_TASK STATEMENT_.
Below are some records; quote exactly the lines from the one that contains "case/orP=> [/eqP->|e1F] /orP[/eqP->|e2F]" through the one that contains "- by move=> eab;", inclusive, and no others.
-- EXCERPTED DATA follows --
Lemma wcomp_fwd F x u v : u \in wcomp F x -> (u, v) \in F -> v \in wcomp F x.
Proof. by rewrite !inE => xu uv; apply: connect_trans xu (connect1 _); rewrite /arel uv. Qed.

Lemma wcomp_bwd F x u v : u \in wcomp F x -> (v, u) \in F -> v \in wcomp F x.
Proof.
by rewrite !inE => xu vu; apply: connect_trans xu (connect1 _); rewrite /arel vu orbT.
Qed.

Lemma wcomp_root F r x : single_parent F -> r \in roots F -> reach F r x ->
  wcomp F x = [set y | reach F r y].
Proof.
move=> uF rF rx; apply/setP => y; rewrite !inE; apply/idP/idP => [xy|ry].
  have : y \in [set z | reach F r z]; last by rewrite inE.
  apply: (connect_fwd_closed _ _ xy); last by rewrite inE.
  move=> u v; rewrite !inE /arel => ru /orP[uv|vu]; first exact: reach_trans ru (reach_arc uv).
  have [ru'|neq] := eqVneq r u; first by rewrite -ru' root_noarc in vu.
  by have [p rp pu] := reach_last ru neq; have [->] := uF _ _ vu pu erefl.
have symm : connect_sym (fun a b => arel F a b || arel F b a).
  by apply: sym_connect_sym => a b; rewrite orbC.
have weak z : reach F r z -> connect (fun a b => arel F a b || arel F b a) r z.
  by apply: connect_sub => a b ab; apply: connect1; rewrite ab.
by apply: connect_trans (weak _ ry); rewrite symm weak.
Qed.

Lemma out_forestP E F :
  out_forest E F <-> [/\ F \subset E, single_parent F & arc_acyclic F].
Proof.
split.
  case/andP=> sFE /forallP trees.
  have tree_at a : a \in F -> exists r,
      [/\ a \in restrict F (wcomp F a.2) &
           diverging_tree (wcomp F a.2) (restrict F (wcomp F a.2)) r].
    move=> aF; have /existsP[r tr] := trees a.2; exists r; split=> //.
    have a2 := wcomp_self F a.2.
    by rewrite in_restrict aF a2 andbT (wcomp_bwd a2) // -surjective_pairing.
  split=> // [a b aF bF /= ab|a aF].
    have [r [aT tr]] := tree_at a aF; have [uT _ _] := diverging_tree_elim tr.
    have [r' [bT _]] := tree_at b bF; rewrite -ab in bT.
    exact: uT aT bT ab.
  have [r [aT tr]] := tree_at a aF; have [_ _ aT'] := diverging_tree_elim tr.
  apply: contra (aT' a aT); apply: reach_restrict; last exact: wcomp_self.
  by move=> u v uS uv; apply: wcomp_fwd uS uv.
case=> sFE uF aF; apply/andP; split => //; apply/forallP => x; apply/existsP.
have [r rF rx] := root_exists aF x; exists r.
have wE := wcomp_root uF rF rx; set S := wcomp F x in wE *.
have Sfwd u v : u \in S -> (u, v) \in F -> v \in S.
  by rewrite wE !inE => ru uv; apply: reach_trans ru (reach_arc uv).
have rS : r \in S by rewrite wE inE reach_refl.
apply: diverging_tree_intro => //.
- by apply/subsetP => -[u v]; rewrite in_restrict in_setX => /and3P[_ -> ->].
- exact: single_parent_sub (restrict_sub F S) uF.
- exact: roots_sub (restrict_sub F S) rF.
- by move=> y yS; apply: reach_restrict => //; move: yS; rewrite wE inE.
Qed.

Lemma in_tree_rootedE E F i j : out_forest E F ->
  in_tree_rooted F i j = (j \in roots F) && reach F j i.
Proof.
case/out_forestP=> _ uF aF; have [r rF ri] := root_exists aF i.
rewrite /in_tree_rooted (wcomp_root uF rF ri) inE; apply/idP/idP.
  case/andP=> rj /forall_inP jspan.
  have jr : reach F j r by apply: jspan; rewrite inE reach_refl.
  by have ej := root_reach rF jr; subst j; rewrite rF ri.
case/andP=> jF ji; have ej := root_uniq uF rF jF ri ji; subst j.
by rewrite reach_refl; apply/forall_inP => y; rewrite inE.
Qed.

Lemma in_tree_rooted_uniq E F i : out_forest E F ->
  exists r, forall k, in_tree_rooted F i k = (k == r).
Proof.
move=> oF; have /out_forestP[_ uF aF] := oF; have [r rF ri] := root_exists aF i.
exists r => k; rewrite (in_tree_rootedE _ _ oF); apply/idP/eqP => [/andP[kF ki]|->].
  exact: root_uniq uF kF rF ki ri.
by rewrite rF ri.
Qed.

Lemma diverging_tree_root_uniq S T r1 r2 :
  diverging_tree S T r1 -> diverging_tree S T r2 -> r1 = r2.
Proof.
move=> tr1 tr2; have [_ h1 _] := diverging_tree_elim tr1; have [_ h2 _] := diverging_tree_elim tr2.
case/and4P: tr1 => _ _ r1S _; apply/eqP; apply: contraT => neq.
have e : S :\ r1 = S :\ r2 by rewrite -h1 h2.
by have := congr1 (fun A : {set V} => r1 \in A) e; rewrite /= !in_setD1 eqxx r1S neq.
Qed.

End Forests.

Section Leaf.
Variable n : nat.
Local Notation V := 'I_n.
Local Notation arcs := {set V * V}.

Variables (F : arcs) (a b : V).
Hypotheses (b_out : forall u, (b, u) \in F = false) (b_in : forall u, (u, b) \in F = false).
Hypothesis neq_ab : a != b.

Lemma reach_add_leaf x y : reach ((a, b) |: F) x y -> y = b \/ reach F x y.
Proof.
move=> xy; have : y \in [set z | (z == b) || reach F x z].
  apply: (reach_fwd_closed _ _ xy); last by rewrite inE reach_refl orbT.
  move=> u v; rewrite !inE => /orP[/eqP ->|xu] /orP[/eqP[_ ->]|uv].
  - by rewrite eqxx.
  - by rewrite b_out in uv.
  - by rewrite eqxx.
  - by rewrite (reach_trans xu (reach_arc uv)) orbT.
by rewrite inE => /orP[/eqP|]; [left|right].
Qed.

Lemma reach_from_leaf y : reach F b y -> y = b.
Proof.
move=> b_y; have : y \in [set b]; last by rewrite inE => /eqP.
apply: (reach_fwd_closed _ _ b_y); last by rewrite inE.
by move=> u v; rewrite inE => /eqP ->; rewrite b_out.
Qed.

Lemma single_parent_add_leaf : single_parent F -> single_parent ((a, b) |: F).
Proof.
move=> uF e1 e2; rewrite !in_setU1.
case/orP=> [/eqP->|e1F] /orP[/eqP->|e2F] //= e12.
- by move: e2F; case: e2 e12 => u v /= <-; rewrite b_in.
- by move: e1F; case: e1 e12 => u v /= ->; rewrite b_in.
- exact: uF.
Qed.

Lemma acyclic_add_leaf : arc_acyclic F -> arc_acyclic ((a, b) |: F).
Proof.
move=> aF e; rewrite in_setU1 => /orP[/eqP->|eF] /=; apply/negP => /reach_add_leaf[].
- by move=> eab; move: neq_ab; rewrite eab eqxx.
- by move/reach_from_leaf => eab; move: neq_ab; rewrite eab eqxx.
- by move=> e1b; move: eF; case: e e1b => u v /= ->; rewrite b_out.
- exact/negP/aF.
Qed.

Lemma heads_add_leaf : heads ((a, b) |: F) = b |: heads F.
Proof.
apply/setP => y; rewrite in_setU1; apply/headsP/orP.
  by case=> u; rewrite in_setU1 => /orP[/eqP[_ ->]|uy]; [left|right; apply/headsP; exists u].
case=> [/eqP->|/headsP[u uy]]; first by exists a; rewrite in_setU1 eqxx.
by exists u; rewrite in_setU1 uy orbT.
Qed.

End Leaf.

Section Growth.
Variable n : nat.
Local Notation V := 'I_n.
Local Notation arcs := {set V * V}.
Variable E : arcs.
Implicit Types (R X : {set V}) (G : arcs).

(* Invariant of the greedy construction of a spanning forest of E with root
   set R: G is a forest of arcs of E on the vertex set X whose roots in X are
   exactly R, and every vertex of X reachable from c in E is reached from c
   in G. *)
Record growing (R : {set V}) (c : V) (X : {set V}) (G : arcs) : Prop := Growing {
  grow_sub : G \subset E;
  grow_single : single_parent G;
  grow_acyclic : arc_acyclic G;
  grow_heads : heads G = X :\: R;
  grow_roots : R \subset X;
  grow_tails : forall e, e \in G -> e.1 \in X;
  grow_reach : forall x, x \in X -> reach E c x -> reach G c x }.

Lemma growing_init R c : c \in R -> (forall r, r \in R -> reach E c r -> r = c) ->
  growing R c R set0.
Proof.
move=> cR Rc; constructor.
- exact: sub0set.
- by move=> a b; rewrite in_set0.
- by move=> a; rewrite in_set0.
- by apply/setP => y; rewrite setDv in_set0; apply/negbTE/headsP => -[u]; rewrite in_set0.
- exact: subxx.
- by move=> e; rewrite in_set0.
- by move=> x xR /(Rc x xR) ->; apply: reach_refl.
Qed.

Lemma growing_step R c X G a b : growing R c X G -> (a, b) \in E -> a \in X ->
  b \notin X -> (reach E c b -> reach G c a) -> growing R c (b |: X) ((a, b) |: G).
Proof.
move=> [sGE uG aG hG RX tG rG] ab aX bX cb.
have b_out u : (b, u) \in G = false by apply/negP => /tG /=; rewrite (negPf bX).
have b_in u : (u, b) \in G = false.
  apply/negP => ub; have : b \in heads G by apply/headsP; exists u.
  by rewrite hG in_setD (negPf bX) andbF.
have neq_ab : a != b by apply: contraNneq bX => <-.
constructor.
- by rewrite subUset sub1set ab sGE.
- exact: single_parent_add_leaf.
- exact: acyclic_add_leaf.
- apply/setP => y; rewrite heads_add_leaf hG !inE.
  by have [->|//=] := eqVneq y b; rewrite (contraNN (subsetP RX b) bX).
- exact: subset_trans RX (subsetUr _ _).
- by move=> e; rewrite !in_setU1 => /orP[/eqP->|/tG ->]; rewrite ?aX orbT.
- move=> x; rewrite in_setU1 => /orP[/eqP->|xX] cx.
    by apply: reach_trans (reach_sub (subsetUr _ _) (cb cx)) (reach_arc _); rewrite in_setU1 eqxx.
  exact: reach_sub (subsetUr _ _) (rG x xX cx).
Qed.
-- EXCERPTED DATA concluded --
_EXERCISE ANSWER_.
case/orP=> [/eqP->|e1F] /orP[/eqP->|e2F] //= e12.
- by move: e2F; case: e2 e12 => u v /= <-; rewrite b_in.
- by move: e1F; case: e1 e12 => u v /= ->; rewrite b_in.
- exact: uF.
Qed.

Lemma acyclic_add_leaf : arc_acyclic F -> arc_acyclic ((a, b) |: F).
Proof.
move=> aF e; rewrite in_setU1 => /orP[/eqP->|eF] /=; apply/negP => /reach_add_leaf[].
- by move=> eab; move: neq_ab; rewrite eab eqxx.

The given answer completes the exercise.